Tiga tahun setelah kematian Munir, kesaksian Asrini mulai dibuka lagi. Gara-garanya hasil forensik teranyar menyebutkan racun masuk ke tubuh Munir diperkirakan pada waktu ia transit di Singapura. "Radar langsung mengarah ke Coffee Bean," kata seorang penyidik yang menangani kasus Munir, Senin dua pekan lalu. Makanya mereka perlu mencari tahu identitas pria gondrong misterius itu.
Asrini kembali dimintai keterangan. Penyidik menuturkan, kesaksian Asrini masih sama dan detail seperti pemeriksaan pertama. Akhirnya ia diikutkan dalam rekonstruksi di Singapura. Sayangnya, dua tahun setelah kejadian, Coffee Bean di Changi sudah raib dan tak ada jejak kamera pengawas. Asrini menolak diwawancarai Tempo. "Aku sudah kubur soal Munir sedalam-dalamnya," ujarnya melalui pesan pendek, Selasa tiga pekan lalu.

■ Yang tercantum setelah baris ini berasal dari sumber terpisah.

(* The parity of the number of occurrences of [t0] is read off by the
   homomorphism [U -> 'Z_2] sending [iota t0] to 1 and the other generators
   to 0. *)
Lemma prod_iota_eq1_count t0 w : {in w, forall x, T x} ->
  (\prod_(t <- w) iota t = 1)%g -> ~~ odd (count_mem t0 w).
Proof.
move=> Tw w1; pose chi t : 'Z_2 := (t == t0)%:R.
have chi_rel : U_relations T chi.
  split=> [t _|t s _ _]; first by rewrite /chi; case: (t == t0); apply/val_inj.
  rewrite mulr2n G2 sub0r oppr_char2 // /chi.
  by case: (t == t0); case: (s == t0); apply/val_inj.
have [psi [psiM psi_iota]] := pres.2.2 _ chi chi_rel.
have psi1 : psi 1%g = 1%g by apply: (@mulIg _ (psi 1%g)); rewrite -psiM !mul1g.
have psi_prod : psi (\prod_(t <- w) iota t)%g = (count_mem t0 w)%:R.
  elim: w Tw {w1} => [|t w IH] Tw; first by rewrite big_nil psi1.
  rewrite big_cons psiM psi_iota ?IH ?natrD //; last exact/Tw/mem_head.
  by move=> x xw; apply/Tw/mem_behead.
move: psi_prod; rewrite w1 psi1 => /(congr1 val); rewrite /= Zp_nat /= modn2.
by case: odd.
Qed.

End Presentation.

Section HomToW.
Variables (G E : zmodType) (wedge : G -> G -> E).
Variables (T : G -> Prop) (U : groupType) (iota : G -> U) (phi : U -> E * G * bool).
Hypothesis G2 : forall g : G, g + g = 0.
Hypothesis wedge_biadd : biadditive wedge.
Hypothesis wedge_alt : forall x, wedge x x = 0.
Hypothesis phiM : forall x y : U, phi (x * y)%g = Wmul wedge (phi x) (phi y).
Hypothesis phi_iota : forall t, T t -> phi (iota t) = (0, t, true).

Lemma phi1 : phi 1%g = (0, 0, false).
Proof.
have := phiM 1%g 1%g; rewrite mulg1; case: (phi 1%g) => [[l g] v] /= [el eg ev].
have v0 : v = false by rewrite ev addbb.
move: el eg; rewrite v0 /= => el eg.
have g0 : g = 0 by rewrite eg G2.
by move: el; rewrite g0 wedge_alt addr0 -{1}[l]addr0 => /addrI <-.
Qed.

Lemma phi_prod w : {in w, forall x, T x} ->
  phi (\prod_(t <- w) iota t)%g = (wedge_pairs wedge w, \sum_(t <- w) t, odd (size w)).
Proof.
elim: w => [_|t w IH Tw]; first by rewrite !big_nil phi1.
rewrite big_cons phiM phi_iota ?IH /=; last exact/Tw/mem_head.
  by rewrite oppr_char2 // add0r big_cons (additive_fun_sum _ _ (biadditive_r _ wedge_biadd)).
by move=> x xw; apply/Tw/mem_behead.
Qed.

End HomToW.

Section Squares.
Variables (G TT E : zmodType) (tens : G -> G -> TT) (wedge : G -> G -> E).
Hypothesis G2 : forall g : G, g + g = 0.
Hypothesis tensP : is_tensor_square tens.
Hypothesis wedgeP : is_exterior_square wedge.

Lemma tens00 : tens 0 0 = 0.
Proof. exact: additive_fun0 (biadditive_l _ tensP.1). Qed.

Lemma tens_diag_retraction :
  exists h : TT -> G, additive_fun h /\ forall x, h (tens x x) = x.
Proof.
have [q [qB qdiag]] := diag_retraction_exists G2.
have [h [hD [htens _]]] := tensP.2 G q qB.
by exists h; split=> // x; rewrite htens qdiag.
Qed.

Lemma tens_diag_inj : injective (fun x => tens x x).
Proof. by have [h [_ hdiag]] := tens_diag_retraction; move=> x y /(congr1 h); rewrite !hdiag. Qed.

(* [x (x) y + y (x) x] is alternating in characteristic 2, so it factors
   through the exterior square. *)
Lemma tens_sym_factor :
  exists h : E -> TT, additive_fun h /\ forall x y, h (wedge x y) = tens x y + tens y x.
Proof.
have [tDl tDr] := tensP.1.
have symB : biadditive (fun x y => tens x y + tens y x).
  by split=> x y z; rewrite ?tDl ?tDr addrACA.
have symA x : tens x x + tens x x = 0 by apply: biadditive_char2.
by have [h [hD [hw _]]] := wedgeP.2 _ _ symB symA; exists h.
Qed.

Lemma wedge_pairs_eq0 s : \sum_(x <- s) x = 0 ->
  (wedge_pairs wedge s = 0 <-> \sum_(x <- s) tens x x = 0).
Proof.
move=> s0; split=> [pairs0|tens0].
  have [h [hD hw]] := tens_sym_factor.
  have := biadditive_sum_sq tensP.1 hD hw s.
  by rewrite s0 pairs0 (additive_fun0 hD) tens00 addr0.
have [beta [betaB beta_half]] := half_alternating_exists G2 wedgeP.1.1 wedgeP.1.2.
have [hb [hbD [hb_tens _]]] := tensP.2 _ _ betaB.
have := biadditive_sum_sq betaB (fun u v => erefl (u + v)) (fun x y => esym (beta_half x y)) s.
rewrite s0 (additive_fun0 (biadditive_l _ betaB)) -(eq_bigr _ (fun x _ => hb_tens x x)).
by rewrite -(additive_fun_sum _ _ hbD) tens0 (additive_fun0 hbD) add0r.
Qed.

Lemma two_independent_diag_sum (M : G -> Prop) s :
  two_independent tens M -> uniq s -> {in s, forall x, M x} ->
  \sum_(x <- s) tens x x = 0 -> s = [::].
Proof.
move=> indep us Ms tens0; apply: contrapT => s_ne; apply: indep.
by exists s; split=> //; rewrite map_inj_uniq //; apply: tens_diag_inj.
Qed.

End Squares.

Section Injectivity.
Variables (G : zmodType) (T : G -> Prop) (TT : zmodType) (tens : G -> G -> TT).
Variables (E : zmodType) (wedge : G -> G -> E).
Variables (U : groupType) (iota : G -> U) (phi : U -> E * G * bool).
Hypothesis G2 : forall g : G, g + g = 0.
Hypothesis tensP : is_tensor_square tens.
Hypothesis wedgeP : is_exterior_square wedge.
Hypothesis pres : presents T iota.
Hypothesis phiM : forall x y : U, phi (x * y)%g = Wmul wedge (phi x) (phi y).
Hypothesis phi_iota : forall t, T t -> phi (iota t) = (0, t, true).

Let phi1 := phi1 G2 wedgeP.1.2 phiM.
Let phi_prod := phi_prod G2 wedgeP.1.1 wedgeP.1.2 phiM phi_iota.

Lemma injective_of_two_independent :
  two_independent tens (fun g => T g /\ g != 0) -> injective phi.
Proof.
move=> indep x y phi_xy; apply: divg1_eq.
have [S [uS TS eS]] := presents_uniq_word G2 pres (x / y)%g.
have : phi (\prod_(t <- S) iota t)%g = phi 1%g by rewrite -eS phiM phi_xy -phiM mulgV.
rewrite phi_prod // phi1 => -[pairs0 sum0 even_S].
have nz_S : [seq g <- S | g != 0] = [::].
  apply: (two_independent_diag_sum G2 tensP indep (filter_uniq _ uS)).
    by move=> g; rewrite mem_filter => /andP[g_nz /TS].
  rewrite big_filter big_mkcond -[RHS]((wedge_pairs_eq0 G2 tensP wedgeP sum0).1 pairs0).
  by apply: eq_bigr => g _; case: eqP => [->|]; rewrite ?(tens00 tensP).
have S_sub0 : {subset S <= [:: 0]}.
  move=> g gS; rewrite inE; apply: contraT => g_nz.
  by have := mem_filter (fun g => g != 0) g S; rewrite g_nz gS nz_S.
move: even_S (uniq_leq_size uS S_sub0); rewrite eS.
by case: S {uS TS eS pairs0 sum0 nz_S S_sub0} => [|? []]; rewrite ?big_nil.
Qed.

Lemma two_independent_of_injective :
  T 0 -> injective phi -> two_independent tens (fun g => T g /\ g != 0).
Proof.
move=> T0 phi_inj [s [s_ne Ms s_uniq tens0]].
have us : uniq s := map_uniq s_uniq.
have sum0 : \sum_(x <- s) x = 0.
  have [h [hD hdiag]] := tens_diag_retraction G2 tensP.
  by rewrite -(eq_bigr _ (fun x _ => hdiag x)) -(additive_fun_sum _ _ hD) tens0 (additive_fun0 hD).
pose w := if odd (size s) then 0 :: s else s.
have Tw : {in w, forall x, T x}.
  move=> x; rewrite /w; case: ifP => _; last by case/Ms.
  by rewrite inE => /orP[/eqP-> //|/Ms[]].
have w_sum0 : \sum_(x <- w) x = 0 by rewrite /w; case: ifP; rewrite ?big_cons sum0 ?addr0.
have w_tens0 : \sum_(x <- w) tens x x = 0.
  by rewrite /w; case: ifP; rewrite ?big_cons tens0 ?(tens00 tensP) ?addr0.
have w1 : (\prod_(t <- w) iota t = 1)%g.
  apply: phi_inj; rewrite phi_prod // phi1 w_sum0.
  by rewrite ((wedge_pairs_eq0 G2 tensP wedgeP w_sum0).2 w_tens0) /w; case: ifP => /= ->.
have [t0 t0s] : exists t0, t0 \in s by case: (s) s_ne => // a ? _; exists a; apply: mem_head.
have := prod_iota_eq1_count G2 pres t0 Tw w1.
have [_ t0_nz] := Ms t0 t0s.
rewrite /w; case: ifP => _ /=; rewrite (count_uniq_mem t0 us) t0s //.
by rewrite eq_sym (negbTE t0_nz).
Qed.

End Injectivity.

Unset Implicit Arguments.

Theorem theorem4p4 (G : zmodType) (T : G -> Prop)
  (TT : zmodType) (tens : G -> G -> TT)
  (E : zmodType) (wedge : G -> G -> E)
  (U : groupType) (iota : G -> U) (phi : U -> E * G * bool) :
  (forall g : G, g + g = 0) ->
  generates T -> T 0 ->
  is_tensor_square tens ->
  is_exterior_square wedge ->
  presents T iota ->
  (forall x y : U, phi (x * y)%g = Wmul wedge (phi x) (phi y)) ->
  (forall t, T t -> phi (iota t) = (0, t, true)) ->
  (injective phi <-> two_independent tens (fun g => T g /\ g != 0)).
Proof.
move=> G2 _ T0 tensP wedgeP pres phiM phi_iota; split.
  exact: two_independent_of_injective G2 tensP wedgeP pres phiM phi_iota T0.
exact: injective_of_two_independent G2 tensP wedgeP pres phiM phi_iota.
Qed.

Penyidik pun memutuskan menggunakan metode manual, yaitu mencocokkan boarding pass penumpang dengan data imigrasi. Mereka sampai begadang di Kantor Imigrasi Wilayah Jakarta Timur. Untungnya, pria itu memiliki ciri fisik spesifik, yaitu rambut panjang, sehingga mudah dikenali. "Setelah empat hari ubek-ubek, ketemulah nama Ongen Latuihamallo," ucapnya.

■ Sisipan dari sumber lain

(* The four lines of GF(3)^2 through the origin: a point (a, c) lies on exactly
   one of them, unless it is the origin, which lies on all four. *)
Lemma trit_lines_eq0 (a c : F) : trit a -> trit c ->
  ((a == 0%R) + (c == 0%R) + (a + c == 0)%R + (a - c == 0)%R =
   1 + 3 * ((a == 0%R) && (c == 0%R)))%N.
Proof.
have eNN : -1 + -1 = 1 :> F by rewrite -opprD char3_add11 opprK.
by case=> ->; case=> ->; rewrite ?(addr0, add0r, subr0, sub0r, subrr, addNr, addrN,
  opprK, char3_add11, eNN, oppr0, eqxx, oner_eq0, oppr_eq0).
Qed.

End Char3.

Section TritCount.

Variables (T : finType) (F : fieldType).
Hypothesis F3 : 3 \in [pchar F].

Lemma sum_trit (g : T -> F) (G : F -> nat) : (forall x, trit (g x)) ->
  (\sum_x G (g x) = #|[set x | g x == 0%R]| * G 0%R + #|[set x | g x == 1%R]| * G 1%R
                    + #|[set x | g x == (-1)%R]| * G (-1)%R)%N.
Proof.
move=> g_trit; have n1N := char3_oneN1 F3.
have [n10 nN0] : ((1 : F) == 0) = false /\ ((-1 : F) == 0) = false.
  by rewrite oppr_eq0 oner_eq0.
rewrite !card_set_sumb !big_distrl -!big_split /=; apply: eq_bigr => x _.
case: (g_trit x) => ->; rewrite ?eqxx ?(eq_sym (0 : F)) ?n10 ?nN0.
all: by rewrite ?(eq_sym (-1 : F)) ?(negbTE n1N) /= !mul1n !mul0n ?addn0 ?add0n.
Qed.

Lemma card_trit (g : T -> F) : (forall x, trit (g x)) ->
  #|T| = (#|[set x | g x == 0%R]| + #|[set x | g x == 1%R]| + #|[set x | g x == (-1)%R]|)%N.
Proof. by move/(sum_trit (fun=> 1%N)); rewrite !muln1 sum1_card. Qed.

Lemma card_common_zeros (g1 g2 : T -> F) :
    (forall x, trit (g1 x)) -> (forall x, trit (g2 x)) ->
  (3 * #|[set x | (g1 x == 0%R) && (g2 x == 0%R)]| + #|T| =
   #|[set x | g1 x == 0%R]| + #|[set x | g2 x == 0%R]|
   + #|[set x | (g1 x + g2 x == 0)%R]| + #|[set x | (g1 x - g2 x == 0)%R]|)%N.
Proof.
move=> g1_trit g2_trit; rewrite -[#|T|]sum1_card !card_set_sumb big_distrr -!big_split /=.
by apply: eq_bigr => x _; rewrite trit_lines_eq0 // addnC.
Qed.

End TritCount.

Section Trace.

Variables (F : finFieldType) (m : nat).
Hypothesis F3 : 3 \in [pchar F].

Lemma expn3D (x y : F) i : (x + y) ^+ (3 ^ i) = x ^+ (3 ^ i) + y ^+ (3 ^ i).
Proof. by apply: exprDn_pchar; rewrite pnatX pnatE ?F3. Qed.

Lemma Tr3D (x y : F) : Tr3 m (x + y) = Tr3 m x + Tr3 m y.
Proof. by rewrite /Tr3 -big_split; apply: eq_bigr => i _; exact: expn3D. Qed.

Lemma Tr3_0 : Tr3 m (0 : F) = 0.
Proof. by rewrite /Tr3 big1 // => i _; rewrite expr0n expn_eq0. Qed.

Lemma Tr3N (x : F) : Tr3 m (- x) = - Tr3 m x.
Proof. by apply/eqP; rewrite -subr_eq0 opprK -Tr3D addNr Tr3_0. Qed.

Hypothesis cardF : #|F| = (3 ^ m)%N.

Lemma Tr3_cube (x : F) : Tr3 m (x ^+ 3) = Tr3 m x.
Proof.
rewrite /Tr3; case: m cardF => [|n] cardFn; first by rewrite !big_ord0.
rewrite big_ord_recr big_ord_recl /= -exprM -expnS -cardFn expf_card expr1 addrC.
by congr (_ + _); apply: eq_bigr => i _; rewrite -exprM -expnS.
Qed.

Lemma Tr3_expn3 (x : F) j : Tr3 m (x ^+ (3 ^ j)) = Tr3 m x.
Proof. by elim: j => [|j IHj]; rewrite ?expr1 // expnSr exprM Tr3_cube. Qed.

Lemma Tr3_trit (x : F) : trit (Tr3 m x).
Proof.
apply: cube_id_trit; rewrite -(pFrobenius_autE F3) /Tr3 rmorph_sum /=.
rewrite -[RHS](Tr3_cube x); apply: eq_bigr => i _.
by rewrite pFrobenius_autE exprAC.
Qed.

Lemma Tr3_exists1 : exists x : F, Tr3 m x = 1.
Proof.
have m_gt0 : (0 < m)%N.
  by case: m cardF => // cardF1; have := finNzRing_gt1 F; rewrite cardF1.
pose P : {poly F} := \sum_(i < m) 'X^(3 ^ i).
have P_coef1 : P`_1 = 1.
  rewrite /P coef_sum (bigD1 (Ordinal m_gt0)) //= big1 ?addr0 ?coefXn //.
  move=> [[|i] lt_im] /= ne_i0; first by [].
  by rewrite coefXn eqn_leq [(_ <= 1)%N]leqNgt (ltn_exp2l 0) //= andbF.
have P_size : (size P <= (3 ^ m.-1).+1)%N.
  apply/leq_sizeP => j lt_j; rewrite /P coef_sum big1 // => i _.
  rewrite coefXn; case: eqP => // eq_j; move: lt_j.
  by rewrite eq_j ltnNge leq_exp2l // -ltnS prednK // ltn_ord.
have [x Trx] : exists x : F, Tr3 m x != 0.
  apply/existsP; rewrite -negb_forall; apply/negP => /forallP Tr0.
  have P_nz : P != 0.
    by apply: contra_eq_neq P_coef1 => ->; rewrite coef0 eq_sym oner_eq0.
  have P_rootsF : {in [set: F], forall x, root P x}.
    by move=> x _; rewrite /root horner_sum; under eq_bigr do rewrite hornerXn; exact: Tr0.
  move: (leq_trans (card_roots_lt P_nz P_rootsF) P_size).
  by rewrite cardsT cardF ltnS leqNgt -(prednK m_gt0) expnS ltn_Pmull ?expn_gt0.
have [Tr_x0|Tr_x1|Tr_xN1] := Tr3_trit x; first by rewrite Tr_x0 eqxx in Trx.
  by exists x.
by exists (- x); rewrite Tr3N Tr_xN1 opprK.
Qed.

Lemma card_Tr3_fibre (a t : F) : a != 0 -> trit t ->
  (3 * #|[set z | Tr3 m (z * a)%R == t]| = 3 ^ m)%N.
Proof.
move=> a_nz t_trit; have [x0 Trx0] := Tr3_exists1.
pose fibre s := [set z | Tr3 m (z * a) == s].
have fibreE s : trit s -> #|fibre s| = #|fibre 0|.
  move=> s_trit; pose w := s * (x0 / a).
  have Trw : Tr3 m (w * a) = s.
    rewrite /w -mulrA mulfVK //.
    by case: s_trit => ->; rewrite ?mul0r ?Tr3_0 ?mul1r ?mulN1r ?Tr3N ?Trx0.
  have -> : fibre s = [set z + w | z in fibre 0].
    apply/setP => z; rewrite inE; apply/eqP/imsetP => [Trz|[z0 + ->]].
      by exists (z - w); rewrite ?subrK // inE mulrBl Tr3D Tr3N Trz Trw subrr.
    by rewrite inE mulrDl Tr3D Trw => /eqP ->; rewrite add0r.
  by rewrite card_imset //; exact: addIr.
have := card_trit F3 (fun z => Tr3_trit (z * a)); rewrite cardF -!/(fibre _).
rewrite (fibreE t) // (fibreE 1) ?(fibreE (-1)) => [->||].
  by rewrite !mulSn mul0n addn0 addnA.
all: by [constructor 1 | constructor 2 | constructor 3].
Qed.

End Trace.

Lemma trit_counts_excess (n0 n1 n2 P r : nat) :
  P = (n0 + n1 + n2)%N ->
  (3 * (n0 * n0 + n1 * n1 + n2 * n2) = P * P + 2 * P * r)%N ->
  (2 * n0 * n1 + n2 * n2 = 2 * n0 * n2 + n1 * n1)%N ->
  (3 * n0 = P)%N \/ (((3 * n0)%:Z - P%:Z) ^+ 2 = (4 * P * r)%:Z)%R.
Proof.
move=> sumP sqP balance.
have : ((n1%:Z - n2%:Z) * (2 * n0%:Z - n1%:Z - n2%:Z) = 0)%R by lia.
move/eqP; rewrite mulf_eq0 => /orP[/eqP n12|/eqP n0_avg]; last by left; lia.
have eq12 : n1 = n2 by lia.
by right; subst n2 P; rewrite expr2; nia.
Qed.

Section TritForm.

Variables (F : finFieldType) (m : nat).
Hypotheses (F3 : 3 \in [pchar F]) (cardF : #|F| = (3 ^ m)%N).
Variables Q L : F -> F.
Hypothesis Q_trit : forall y, trit (Q y).
Hypothesis Q_polar : forall y z, Q (y + z) = Q y + Q z + Tr3 m (z * L y).
Hypothesis Q_even : forall y, Q (- y) = Q y.

Local Notation n0 := #|[set y | Q y == 0%R]|.
Local Notation n1 := #|[set y | Q y == 1%R]|.
Local Notation n2 := #|[set y | Q y == (-1)%R]|.
Local Notation r := #|[set y | L y == 0%R]|.

Lemma tritform_ker w : L w = 0 -> Q w = 0.
Proof.
move=> Lw; have Q0 : Q 0 = 0.
  have := Q_polar 0 0; rewrite mul0r Tr3_0 !addr0 => Q00.
  by apply: (@addrI _ (Q 0)); rewrite -Q00 addr0.
have := Q_polar w (- w); rewrite Lw mulr0 Tr3_0 addr0 subrr Q_even Q0 => /esym/eqP.
by rewrite -mulr2n -mulr_natr mulf_eq0 (negbTE (char3_two_neq0 F3)) orbF => /eqP.
Qed.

Pada 1980-an, pria ini adalah penyanyi pop, meski tidak terlalu terkenal. Sejumlah lagu dia ciptakan. Ia juga merambah ke musik rohani untuk gereja. Keluarga Latuihamallo memang dekat dengan dunia tarik suara. Keponakan Ongen adalah penyanyi terkenal, yaitu Glenn Fredly Latuihamallo. Menurut keterangan sejumlah kerabatnya, Ongen banyak menghabiskan waktu di Belanda.
Wartawan Tempo Asmayani Kusrin pada April 2007 menelusuri keberadaannya di Belanda. Namun mencari Ongen bukan perkara mudah. Di Negara Kincir Angin, ada 64 kampung Ambon atau biasa disebut wijk. Di situ ada tak kurang dari 30 ribu keturunan Ambon. Hampir semua orang Ambon yang ditemui mengenal Ongen, tapi mereka tidak tahu dia di mana. Pria ini memang kerap manggung di Belanda, khususnya pasar malam pesta tahunan orang Indonesia di Belanda.

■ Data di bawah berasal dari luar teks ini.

(* Let $G=(V,E)$ be a finite graph of maximum degree $\Delta$ with no isolated vertices and adjacency matrix $A$. Let $b\in\{0\}\cup[1,\infty)$, $c(0)=0.109597$, $c(b)=0.0896883/b$ for $b\ge1$, and $0<\lambda<c(b)/\Delta$. Define, for $u\in V$, $D_u=d_u(1+\lambda)^b\log(1+\lambda)$, $\beta_u=\frac{1+\lambda}{\lambda}\frac{D_u}{W(D_u)(1+W(D_u))}$, $\gamma_u=\frac{1+\lambda}{\lambda}\frac{D_u}{d_u(1+W(D_u))}$, and $B=\mathrm{diag}(\boldsymbol\beta)$, $\Gamma=\mathrm{diag}(\boldsymbol\gamma)$. Then every $\mathbf x\in\mathbb R^V$ with $\mathbf x\ge\mathbf 0$ and $(B+\Gamma A)\mathbf x\ge\mathbf 1$ satisfies \[ \sum_{u\in V}x_u\ \ge\ \sum_{u\in V}\frac{1}{\beta_u+d_u\gamma_u}. \]
   Context: $d_u$ denotes the degree of $u$; $W:(0,\infty)\to(0,\infty)$ is the principal branch of the Lambert $W$-function (inverse of $x\mapsto xe^x$). Vector inequalities are entrywise. *)

From HB Require Import structures.
From mathcomp Require Import all_boot all_order all_algebra.
From mathcomp Require Import all_classical all_reals.
From mathcomp Require Import all_analysis.
Set Implicit Arguments. Unset Strict Implicit. Unset Printing Implicit Defensive.
Import Order.TTheory GRing.Theory Num.Theory.
Local Open Scope classical_set_scope.
Local Open Scope ring_scope.

Definition LambertW {R : realType} (x : R) : R :=
  xget 0 [set w : R | 0 < w /\ w * expR w = x].

Definition simple_graph (n : nat) (e : rel 'I_n) : Prop :=
  (forall u v, e u v = e v u) /\ (forall u, ~~ e u u).

Definition deg (n : nat) (e : rel 'I_n) (u : 'I_n) : nat := #|[set v | e u v]|.

Definition maxdeg (n : nat) (e : rel 'I_n) : nat := \max_(u < n) deg e u.

Definition adjmx {R : realType} (n : nat) (e : rel 'I_n) : 'M[R]_n :=
  \matrix_(i, j) (e i j)%:R.

Definition cconst {R : realType} (b : R) : R :=
  if b == 0 then 109597%:R / 1000000%:R else 896883%:R / (10000000%:R * b).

Penelusuran di Belanda mempertemukan Tempo dengan seorang pria yang mengaku mendapat perintah dari seorang perwira di Indonesia untuk mencari Ongen. Lelaki yang sudah tinggal selama sepuluh tahun di Belanda ini mengenal Ongen sejak 2003. Ia membawa pesan untuk Ongen agar berhati-hati karena dia dicari lantaran kasus Munir.
Ongen rupanya sudah pulang ke Indonesia pada 30 Maret 2007. Ia menjalani pemeriksaan selama empat hari di Markas Kepolisian Daerah Metro Jaya. Pada 4 April, ia kembali ke Belanda untuk memenuhi undangan beberapa gereja. Si Gondrong kembali lagi ke Tanah Air pada 20 April melalui Kuala Lumpur, Malaysia.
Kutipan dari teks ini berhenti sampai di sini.